This is an extended version of a review I wrote for the Nottingham Post for the paper published on July 27th, 2019.
A month ago, Sir Ian turned 80. To celebrate, the Burnley-born actor began a tour of British theatres from his long career. 80 dates at 80 is no mean feat (he’s just added 80 more in the West End), but there’s a kicker. He isn’t making a penny. All proceeds go to the charities of the theatres he’s performing in.
Sir Ian’s two nights here will net £50,000 for the Playhouse Shine and 50:50 appeals, bringing in young people who, as Sir Ian points out, would otherwise not be able to come and widening the theatre’s participation work. If you think that kind of generosity guarantees him a good review, well, you’d be right.
Over at the Concert Hall, Nick Cave is talking about his career and singing a few songs. It’s the new thing. Will Sir Ian throw in a turn or two? You bet. He opens with a stirring performance of a key scene in Lord of the Rings (don’t ask for more info – I haven’t read it since I was 19 and the films weren’t for me: I was hoping for more on his stint in Coronation Street).
The large packing case pictured above turns out to be full of props and will feature throughout.

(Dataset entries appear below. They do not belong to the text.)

(* Let $\alpha,\beta$ be relatively prime positive integers, and let $n$ be a positive integer with $s=s(n)>2$. Then there exist unique integers $a,b,t$ satisfying the following: (i) $n=a g_t+\beta b g_{t-1}$; (ii) $t\ge 2$, $a\le (\beta-1)g_{t+1}+\alpha b$, and $b\le g_t$; (iii) $a-\alpha b-\ell g_{t+1}$ is not a positive multiple of $\beta$ for any integer $\ell\ge 0$. Further, for these integers: (1) the pair $(b,a)$ is $n$-good and $s=t+1$; (2) $|w_{s+1}(b,a)-\gamma n|=|\lambda^t(\gamma b-a)|\le 2\beta^{t+1}$; (3) a pair $(b',a')$ of positive integers is $n$-good if and only if $(b',a')=(b+k g_t,\ a-k\beta g_{t-1})$ for some integer $k\ge 0$; (4) with $a',b',k$ as in (3), $w_{s+1}(b',a')-w_{s+1}(b,a)=-k(-\beta)^{t}$.
   Context: Fix relatively prime positive integers $\alpha,\beta$. For positive integers $a_1,a_2$, the $(\alpha,\beta)$-walk $w_k=w_k(a_1,a_2)$ is the sequence with $w_1=a_1$, $w_2=a_2$, and $w_{k+2}=\alpha w_{k+1}+\beta w_k$ for $k\ge1$. For a positive integer $n$, $s(n;a_1,a_2)$ is the (largest) index $s$ with $w_s(a_1,a_2)=n$, or $-\infty$ if there is none, and $s(n)=\max_{a_1,a_2\ge1}s(n;a_1,a_2)$. A pair $(a_1,a_2)$ with $a_1,a_2\ge1$ is called $n$-good if $s(n;a_1,a_2)=s(n)$. The sequence $g_k$ is defined by $g_1=1$, $g_2=\alpha$, $g_{k+2}=\alpha g_{k+1}+\beta g_k$ for $k\ge1$. Let $\gamma=\frac12(\alpha+\sqrt{\alpha^2+4\beta})$ and $\lambda=\frac12(\alpha-\sqrt{\alpha^2+4\beta})$. *)

From mathcomp Require Import all_boot all_order all_algebra.
Set Implicit Arguments. Unset Strict Implicit. Unset Printing Implicit Defensive.
Import Order.TTheory GRing.Theory Num.Theory.
Local Open Scope ring_scope.

(* Pairs (w_{k+1}, w_{k+2}) of the (alpha,beta)-walk started at (a1,a2). *)
Fixpoint wpair (al be : nat) (a1 a2 : int) (k : nat) : int * int :=
  match k with
  | 0%N => (a1, a2)
  | k'.+1 => let p := wpair al be a1 a2 k' in
             (p.2, al%:Z * p.2 + be%:Z * p.1)
  end.

(* walk al be a1 a2 k = w_k(a1,a2); indices k >= 1 are the meaningful ones
   (w_1 = a1, w_2 = a2, w_{k+2} = al w_{k+1} + be w_k). *)
Definition walk (al be : nat) (a1 a2 : int) (k : nat) : int :=
  (wpair al be a1 a2 k.-1).1.

Definition gseq (al be : nat) (k : nat) : int := walk al be 1 al%:Z k.

Definition is_walk_index (al be n : nat) (a1 a2 : int) (s : nat) : Prop :=
  (0 < s)%N /\ walk al be a1 a2 s = n%:Z /\
  forall k : nat, (0 < k)%N -> walk al be a1 a2 k = n%:Z -> (k <= s)%N.

Definition is_sn (al be n : nat) (s : nat) : Prop :=
  (exists a1 a2 : int, 0 < a1 /\ 0 < a2 /\ is_walk_index al be n a1 a2 s) /\
  forall (a1 a2 : int) (s' : nat), 0 < a1 -> 0 < a2 ->
    is_walk_index al be n a1 a2 s' -> (s' <= s)%N.

Definition n_good (al be n : nat) (a1 a2 : int) : Prop :=
  0 < a1 /\ 0 < a2 /\
  exists s : nat, is_sn al be n s /\ is_walk_index al be n a1 a2 s.

(* Since w_(k+2)(x, y) = y g_(k+1) + beta x g_k and g_(k+1) is coprime to beta g_k, the
   pairs reaching n at a given index form one arithmetic progression
   (b + j g_(k+1), a - j beta g_k), with a unique representative 0 < b <= g_(k+1).
   One step of the walk maps (x, y) to (y, alpha y + beta x); read through that
   representative, "n is reached at index t + 2" becomes "a - alpha b - l g_(t+1) is a
   positive multiple of beta for some l >= 0", which is condition (iii).  Walks increase
   strictly from their second term, so s(n) is the last index at which n is reached:
   this gives existence and uniqueness of (a, b, t) and the description of the n-good
   pairs, while choosing l = (a - alpha b) / g_(t+1) mod beta bounds a.  Cassini's
   identity for g gives (4), and w_(k+2) - gamma w_(k+1) = lambda^k (w_2 - gamma w_1)
   with |lambda|^k g_(k+1) <= beta^k gives (2). *)

From mathcomp Require Import all_boot all_order all_algebra.
From mathcomp Require Import ring lra zify.
Import Order.TTheory GRing.Theory Num.Theory.
Set Implicit Arguments.
Unset Strict Implicit.
Unset Printing Implicit Defensive.

Local Open Scope ring_scope.

Definition pos_multiple (d : nat) (z : int) : Prop := exists m : int, 0 < m /\ z = d%:Z * m.

Lemma exists_pos_multiple_sub_mul (d : nat) (c G : int) :
  (0 < d)%N -> 0 < G -> coprimez G d -> (d%:Z - 1) * G < c ->
  exists l : nat, pos_multiple d (c - l%:Z * G).
Proof.
move=> d_gt0 G_gt0 /eqP coGd lt_c.
have [u [v uv]] := Bezoutz G d; rewrite coGd in uv.
have d_gt0' : 0 < d%:Z by rewrite ltz_nat.
(* l is c / G modulo d. *)
set l := ((c * u) %% d)%Z; set q := ((c * u) %/ d)%Z.
have l_ge0 : 0 <= l by rewrite modz_ge0 // lt0r_neq0.
have eq_m : c - l * G = d%:Z * (c * v + q * G).
  have -> : l = c * u - q * d%:Z by rewrite /l /q; lia.
  by rewrite -{1}[c]mulr1 -uv; ring.
exists `|l|%N, (c * v + q * G); rewrite gez0_abs //; split=> //.
by rewrite -(pmulr_rgt0 _ d_gt0') -eq_m; nia.
Qed.

(* [lucasU al be k] is g_k for k >= 1, extended by g_0 = 0 (unlike [gseq], whose value
   at 0 is 1). *)
Definition lucasU (al be : nat) (k : nat) : int := (wpair al be 0 1 k).1.

Definition reachable (al be n : nat) (k : nat) : Prop :=
  exists x y : int, [/\ 0 < x, 0 < y & walk al be x y k = n%:Z].

(* Conditions (i), (iii) and b <= g_t of the theorem, for t = u.+1. *)
Definition reduced_repr (al be n : nat) (a b : int) (u : nat) : Prop :=
  [/\ 0 < a, 0 < b, walk al be b a u.+2 = n%:Z, b <= lucasU al be u.+1
    & forall l : nat, ~ pos_multiple be (a - al%:Z * b - l%:Z * lucasU al be u.+2)].

Section Walks.

Context {al be : nat}.
Local Notation U := (lucasU al be).

Lemma lucasUSS k : U k.+2 = al%:Z * U k.+1 + be%:Z * U k.
Proof. by []. Qed.

Lemma walkSSS (x y : int) k :
  walk al be x y k.+3 = al%:Z * walk al be x y k.+2 + be%:Z * walk al be x y k.+1.
Proof. by []. Qed.

Lemma wpairD (x y : int) i j :
  wpair al be x y (i + j) = wpair al be (wpair al be x y i).1 (wpair al be x y i).2 j.
Proof. by elim: j => [|j IH]; rewrite ?addn0 ?addnS /= ?IH //; case: wpair. Qed.

Lemma walkD (x y : int) i j :
  walk al be x y (i + j.+1) = walk al be (wpair al be x y i).1 (wpair al be x y i).2 j.+1.
Proof. by rewrite /walk addnS /= wpairD. Qed.

Lemma walkS (x y : int) k :
  walk al be x y k.+2 = walk al be y (al%:Z * y + be%:Z * x) k.+1.
Proof. exact: (walkD x y 1 k). Qed.

Lemma walk_lucas (x y : int) k :
  walk al be x y k.+2 = y * U k.+1 + be%:Z * x * U k.
Proof.
elim: k x y => [|k IH] x y; first by rewrite /walk /lucasU /=; ring.
rewrite walkS IH !lucasUSS; ring.
Qed.

Lemma gseq_lucas k : gseq al be k.+1 = U k.+1.
Proof. by case: k => [|k] //; rewrite /gseq walk_lucas /= lucasUSS; ring. Qed.

Lemma lucas_cassini k : U k.+1 ^+ 2 - U k * U k.+2 = (- be%:Z) ^+ k.
Proof.
elim: k => [|k IH]; first by rewrite /lucasU /= expr0; ring.
by rewrite [(- _) ^+ _.+1]exprS -IH !lucasUSS; ring.
Qed.

Lemma walk_progression (a b j : int) u :
  walk al be (b + j * U u.+1) (a - j * be%:Z * U u) u.+2 = walk al be b a u.+2.
Proof. by rewrite !walk_lucas; ring. Qed.

Lemma walk_progression_next (a b j : int) u :
  walk al be (b + j * U u.+1) (a - j * be%:Z * U u) u.+3 =
  walk al be b a u.+3 - j * (- be%:Z) ^+ u.+1.
Proof. by rewrite !walk_lucas exprS -lucas_cassini; ring. Qed.

Hypothesis al_gt0 : (0 < al)%N.

Lemma wpair_gt0 (x y : int) k : 0 < x -> 0 < y ->
  0 < (wpair al be x y k).1 /\ 0 < (wpair al be x y k).2.
Proof.
move=> x_gt0 y_gt0; elim: k => [|k [IH1 IH2]] //=; split=> //.
have : 0 < al%:Z * (wpair al be x y k).2 by rewrite mulr_gt0 // ltz_nat.
have : 0 <= be%:Z * (wpair al be x y k).1 by rewrite mulr_ge0 // ltW.
lra.
Qed.

Lemma walk_gt0 (x y : int) k : 0 < x -> 0 < y -> 0 < walk al be x y k.
Proof. by move=> x_gt0 y_gt0; case: (wpair_gt0 k.-1 x_gt0 y_gt0). Qed.

Lemma lucasU_gt0 k : 0 < U k.+1.
Proof. by rewrite -gseq_lucas walk_gt0 // ltz_nat. Qed.

Lemma lucasU_ge0 k : 0 <= U k.
Proof. by case: k => [|k] //; rewrite ltW // lucasU_gt0. Qed.

Lemma walk_reduce (x y : int) u : 0 < x -> 0 < y ->
  exists b a : int, [/\ 0 < b, b <= U u.+1, 0 < a & walk al be b a u.+2 = walk al be x y u.+2].
Proof.
move=> x_gt0 y_gt0; have U_gt0 := lucasU_gt0 u; have U_ge0 := lucasU_ge0 u.
set q := ((x - 1) %/ U u.+1)%Z.
have q_ge0 : 0 <= q by rewrite divz_ge0 // subr_ge0.
exists (x + (- q) * U u.+1), (y - (- q) * be%:Z * U u); rewrite walk_progression.
split=> //; nia.
Qed.

Lemma unreachable_above (n : nat) k j :
  ~ reachable al be n k.+1 -> (k.+1 <= j)%N -> ~ reachable al be n j.
Proof.
move=> unreach le_kj [x [y [x_gt0 y_gt0]]].
rewrite -(subnK le_kj) walkD => wn.
have [p1_gt0 p2_gt0] := wpair_gt0 (j - k.+1) x_gt0 y_gt0.
by apply: unreach; do 2!eexists; split; last exact: wn.
Qed.

Lemma walk_index_of_unreachable (n : nat) (x y : int) k :
  0 < x -> 0 < y -> (0 < k)%N -> walk al be x y k = n%:Z ->
  ~ reachable al be n k.+1 -> is_walk_index al be n x y k.
Proof.
move=> x_gt0 y_gt0 k_gt0 wn unreach; split=> //; split=> // j _ wjn.
rewrite leqNgt; apply/negP => lt_kj.
by apply: (unreachable_above unreach lt_kj); exists x, y.
Qed.

Lemma is_sn_of_unreachable (n : nat) k : (0 < k)%N ->
  reachable al be n k -> ~ reachable al be n k.+1 -> is_sn al be n k.
Proof.
move=> k_gt0 [x [y [x_gt0 y_gt0 wn]]] unreach; split.
  by exists x, y; split; [|split; last exact: walk_index_of_unreachable].
move=> x' y' j x'_gt0 y'_gt0 [j_gt0 [wjn _]]; rewrite leqNgt; apply/negP => lt_kj.
by apply: (unreachable_above unreach lt_kj); exists x', y'.
Qed.

Lemma is_sn_uniq (n : nat) s s' : is_sn al be n s -> is_sn al be n s' -> s = s'.
Proof.
move=> [[x [y [x_gt0 [y_gt0 ixy]]]] max_s] [[x' [y' [x'_gt0 [y'_gt0 ixy']]]] max_s'].
by apply/eqP; rewrite eqn_leq (max_s' _ _ _ x_gt0 y_gt0 ixy) (max_s _ _ _ x'_gt0 y'_gt0 ixy').
Qed.

Hypothesis coprime_al_be : coprime al be.

Lemma coprimez_lucasU k : coprimez (U k.+1) (be%:Z * U k).
Proof.
elim: k => [|k IH]; first by rewrite mulr0 /coprimez gcdz0.
move: IH; rewrite !coprimezMr => /andP[coUbe coUU]; apply/andP; split.
  rewrite coprimez_sym /coprimez lucasUSS addrC [be%:Z * _]mulrC gcdzMDl.
  rewrite Gauss_gcdzr; first by rewrite -/(coprimez _ _) coprimez_sym.
  by rewrite coprimezE !absz_nat coprime_sym.
by rewrite coprimez_sym /coprimez (lucasUSS k) gcdzMDl -/(coprimez _ _) coprimezMr coUbe.
Qed.

Lemma eq_walk_progression (a b a' b' : int) u :
  walk al be b' a' u.+2 = walk al be b a u.+2 ->
  exists j : int, b' = b + j * U u.+1 /\ a' = a - j * be%:Z * U u.
Proof.
rewrite !walk_lucas => eq_ab.
have U_gt0 := lucasU_gt0 u.
have dvd_eq : be%:Z * U u * (b' - b) = U u.+1 * (a - a') by lia.
have : (U u.+1 %| be%:Z * U u * (b' - b))%Z by rewrite dvd_eq dvdz_mulr.
rewrite Gauss_dvdzr ?coprimez_lucasU // => /dvdzP [j eq_b].
exists j; split; first by rewrite -eq_b; ring.
apply: (mulfI (lt0r_neq0 U_gt0)).
by move: dvd_eq; rewrite eq_b; lia.
Qed.

Lemma reachable_next_iff (n : nat) (a b : int) u :
  0 < b -> b <= U u.+1 -> walk al be b a u.+2 = n%:Z ->
  reachable al be n u.+3 <-> exists l : nat, pos_multiple be (a - al%:Z * b - l%:Z * U u.+2).
Proof.
move=> b_gt0 le_bU wn; have U_gt0 := lucasU_gt0 u; split.
  move=> [x [y [x_gt0 y_gt0]]]; rewrite walkS -wn.
  move=> /eq_walk_progression [j [eq_y eq_a]].
  have j_ge0 : 0 <= j by nia.
  exists `|j|%N, x; rewrite gez0_abs //; split=> //.
  by move: eq_a; rewrite eq_y lucasUSS; lia.
move=> [l [m [m_gt0 eq_m]]]; exists m, (b + l%:Z * U u.+1); split=> //; first nia.
by rewrite -wn !walk_lucas -eq_m (lucasUSS u); ring.
Qed.

Lemma is_sn_of_reduced_repr (n : nat) (a b : int) u :
  reduced_repr al be n a b u -> is_sn al be n u.+2.
Proof.
move=> [a_gt0 b_gt0 wn le_bU no_tail].
apply: is_sn_of_unreachable => //; first by exists b, a.
by move/(reachable_next_iff b_gt0 le_bU wn) => [l tail]; apply: (no_tail l).
Qed.

Lemma reduced_repr_uniq (n : nat) (a b a' b' : int) u u' :
  reduced_repr al be n a b u -> reduced_repr al be n a' b' u' -> [/\ a' = a, b' = b & u' = u].
Proof.
move=> rab rab'; have [_ b_gt0 wn le_bU _] := rab; have [_ b'_gt0 wn' le_b'U _] := rab'.
case: (is_sn_uniq (is_sn_of_reduced_repr rab) (is_sn_of_reduced_repr rab')) => eq_u.
subst u'; have [j [eq_b eq_a]] := eq_walk_progression (etrans wn' (esym wn)).
have U_gt0 := lucasU_gt0 u; have j0 : j = 0 by nia.
by rewrite eq_b eq_a j0 !mul0r addr0 subr0.
Qed.

Hypothesis be_gt0 : (0 < be)%N.

Lemma walk_ltS (x y : int) k : 0 < x -> 0 < y ->
  walk al be x y k.+2 < walk al be x y k.+3.
Proof.
move=> x_gt0 y_gt0; rewrite walkSSS.
have w2_ge0 := ltW (walk_gt0 k.+2 x_gt0 y_gt0).
have : walk al be x y k.+2 <= al%:Z * walk al be x y k.+2 by rewrite ler_peMl // lez_nat.
have : 0 < be%:Z * walk al be x y k.+1 by rewrite mulr_gt0 ?walk_gt0 // ltz_nat.
lra.
Qed.

Lemma walk_index_last (n : nat) (x y : int) k : 0 < x -> 0 < y ->
  walk al be x y k.+2 = n%:Z -> is_walk_index al be n x y k.+2.
Proof.
move=> x_gt0 y_gt0 wn; split=> //; split=> // [[|[|j]]] // _ wjn.
rewrite leqNgt; apply/negP => lt_kj.
have mono : {homo (fun i => walk al be x y i.+2) : i j / (i < j)%N >-> i < j}.
  by apply: homo_ltn => [? ? ? /lt_trans|i]; [exact | exact: walk_ltS].
by move: (mono k j lt_kj); rewrite /= wn wjn ltxx.
Qed.

Lemma sn_unreachable (n : nat) s : (0 < s)%N -> is_sn al be n s -> ~ reachable al be n s.+1.
Proof.
case: s => [|s] // _ [_ max_s] [x [y [x_gt0 y_gt0 wn]]].
by have := max_s _ _ _ x_gt0 y_gt0 (walk_index_last x_gt0 y_gt0 wn); rewrite ltnn.
Qed.

Lemma n_good_iff (n : nat) s (x y : int) : (0 < s)%N -> is_sn al be n s ->
  n_good al be n x y <-> [/\ 0 < x, 0 < y & walk al be x y s = n%:Z].
Proof.
move=> s_gt0 sn_s; split.
  move=> [x_gt0 [y_gt0 [s' [sn_s' [_ [wn _]]]]]].
  by rewrite (is_sn_uniq sn_s sn_s') in wn *.
move=> [x_gt0 y_gt0 wn]; split=> //; split=> //; exists s; split=> //.
exact: walk_index_of_unreachable (sn_unreachable s_gt0 sn_s).
Qed.

Lemma exists_reduced_repr (n : nat) u :
  is_sn al be n u.+2 -> exists a b : int, reduced_repr al be n a b u.
Proof.
move=> sn_u; have [[x [y [x_gt0 [y_gt0 [_ [wxy _]]]]]] _] := sn_u.
have [b [a [b_gt0 le_bU a_gt0 wba]]] := walk_reduce u x_gt0 y_gt0.
rewrite wxy in wba; exists a, b; split=> // l tail.
apply: (sn_unreachable (ltn0Sn _) sn_u).
by apply/(reachable_next_iff b_gt0 le_bU wba); exists l.
Qed.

Out first, a table and Gandalf’s sword, Glamdring, which he invites a teenage audience member on stage to play with. Later, he will produce a piano from the case. ‘The Piano’ is a poem from DH Lawrence’s very fat volume of collected poems – ‘all those poems from a novelist’ – which he gives a beautiful reading of.
Sir Ian, of course, appeared in this building’s opening night in 1963, performing extracts before royalty (though Princess Margaret was ill and didn’t attend). ‘The Beatles were playing the Odeon down the road that night.’ Leo McKern sang ‘She Loves You’ backstage. Lawrence Olivier had just launched the National Theatre in a borrowed Old Vic theatre but, ‘that night we were the national theatre of Great Britain.’
McKellen went on to play Arthur Seaton in Saturday Night and Sunday Morning. We don’t get any of that tonight, but do get his Widow Twankey (a copy of the day’s Nottingham Post in her bag), Gus the Theatre Cat, a Hopkins poem and a bunch of anecdotes from school and Cambridge, with lots about his long-time ally, co-star and sort of rival, Derek Jacobi. The first half, which takes us through his early theatre career, lasts 85 minutes. It doesn’t flag in the slightest and it’s worth noting that the direction was by Sean Mathias, who directed Sir Ian in a fantastic version of my favourite modern play, Pinter’s No Man’s Land, which I saw at Sheffield Crucible just over three years ago. That was followed by an aftershow discussion with the stars, McKellen and Patrick Stewart, a flavour of which can be gathered by watching this video of the three men in conversation on US TV.
The second half is all Shakespeare (and I mean all – there’s a bit on every single play with several splendid extempore performances). Audience participation draws out plenty of humour and good gossip (don’t act with Alan Badel – he’ll give you notes). A moving finale, drawn from Macbeth and The Tempest, shows McKellen at his best and draws a full standing ovation. A Nottingham Playhouse sticker is added to the top of the packing case, which features again. A brief, surprisingly topical encore and the generous three hours is over. A hit, a very palpable hit.
Afterwards, Sir Ian led the bucket collection to raise even more money and (I believe, because I had to hurry home to do my review) signed autographs in the box office to a massive queue of people. Deep respect.